Gemini as your AI assistant: Get ready to interact with your Android device in a whole new way. Gemini is poised to become your personal AI assistant, seamlessly integrated within the Android ecosystem.

On-Device AI for unmatched experiences: On-device AI capabilities are expanding, unlocking a new wave of innovative and personalised experiences on your Android device.

As part of these advancements, Circle to Search, a feature that allows users to search information based on what's on their screen, will be available on a wider range of Android phones, going beyond Samsung Galaxy and Google Pixel devices.

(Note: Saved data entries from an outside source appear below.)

(* The right-hand side of the defining relation of q(N) for [F_ij, F_kl], with
   C^(n) in place of F; [comm_rhs 1] is the relation itself. *)
Definition comm_rhs n i j k l w :=
  kdelta K k j *: C n i l w - ssgn i j k l *: (kdelta K i l *: C n k j w)
  + kdelta K k (ineg j) *: C n (ineg i) l w
  - ssgn i j k l *: (kdelta K (ineg i) l *: C n k (ineg j) w).

Hypothesis rho_scomm : forall i j k l w,
  let s : K := ssgn i j k l in
  rho i j (rho k l w) - s *: rho k l (rho i j w) =
    kdelta K k j *: rho i l w - s *: (kdelta K i l *: rho k j w)
    + kdelta K k (ineg j) *: rho (ineg i) l w
    - s *: (kdelta K (ineg i) l *: rho k (ineg j) w).

Lemma rho_comm i j k l w :
  rho i j (rho k l w) = ssgn i j k l *: rho k l (rho i j w) + comm_rhs 1 i j k l w.
Proof. by apply/eqP; rewrite addrC -subr_eq; apply/eqP/rho_scomm. Qed.

Lemma sum_comm_rhs_inner n i j k l w :
  \sum_p (sgn p * ssgn i j k p) *: rho k p (comm_rhs n.+1 i j p l w) =
    (sgn j * ssgn i j k j) *: rho k j (C n.+1 i l w)
    - ssgn i j k l *: (kdelta K i l *: C n.+2 k j w)
    + (sgn (ineg j) * ssgn i j k (ineg j)) *: rho k (ineg j) (C n.+1 (ineg i) l w)
    - ssgn i j k l *: (kdelta K (ineg i) l *: C n.+2 k (ineg j) w).
Proof.
have term p : (sgn p * ssgn i j k p) *: rho k p (comm_rhs n.+1 i j p l w) =
    kdelta K p j *: ((sgn p * ssgn i j k p) *: rho k p (C n.+1 i l w))
    - (ssgn i j k l * kdelta K i l) *: (sgn p *: rho k p (C n.+1 p j w))
    + kdelta K p (ineg j) *: ((sgn p * ssgn i j k p) *: rho k p (C n.+1 (ineg i) l w))
    - (ssgn i j k l * kdelta K (ineg i) l) *: (sgn p *: rho k p (C n.+1 p (ineg j) w)).
  rewrite /comm_rhs !(linearB, linearD, linearZ) /= !(scalerDr, scalerN, scalerA).
  by congr (_ *: _ - _ *: _ + _ *: _ - _ *: _); rewrite -?(ssgn_mul i j k p l); ring.
rewrite (eq_bigr _ (fun p _ => term p)) !big_split /= !sumrN !sum_kdelta.
by rewrite -!scaler_sumr -!CactS !scalerA.
Qed.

It should be noted that Gemini can now appear as an overlay on top of your current app, providing seamless assistance without interrupting your workflow. Furthermore, a new drag-and-drop feature allows you to effortlessly transfer images from Gemini to other apps. Finally, say goodbye to tedious PDF searches. Gemini can now analyse entire documents to answer your questions, saving you valuable time and frustration.

To conclude, Google stated that it prioritises responsible AI development by adhering to strict principles for service usage. This includes marking AI-generated content like images, audio, and video with watermarks.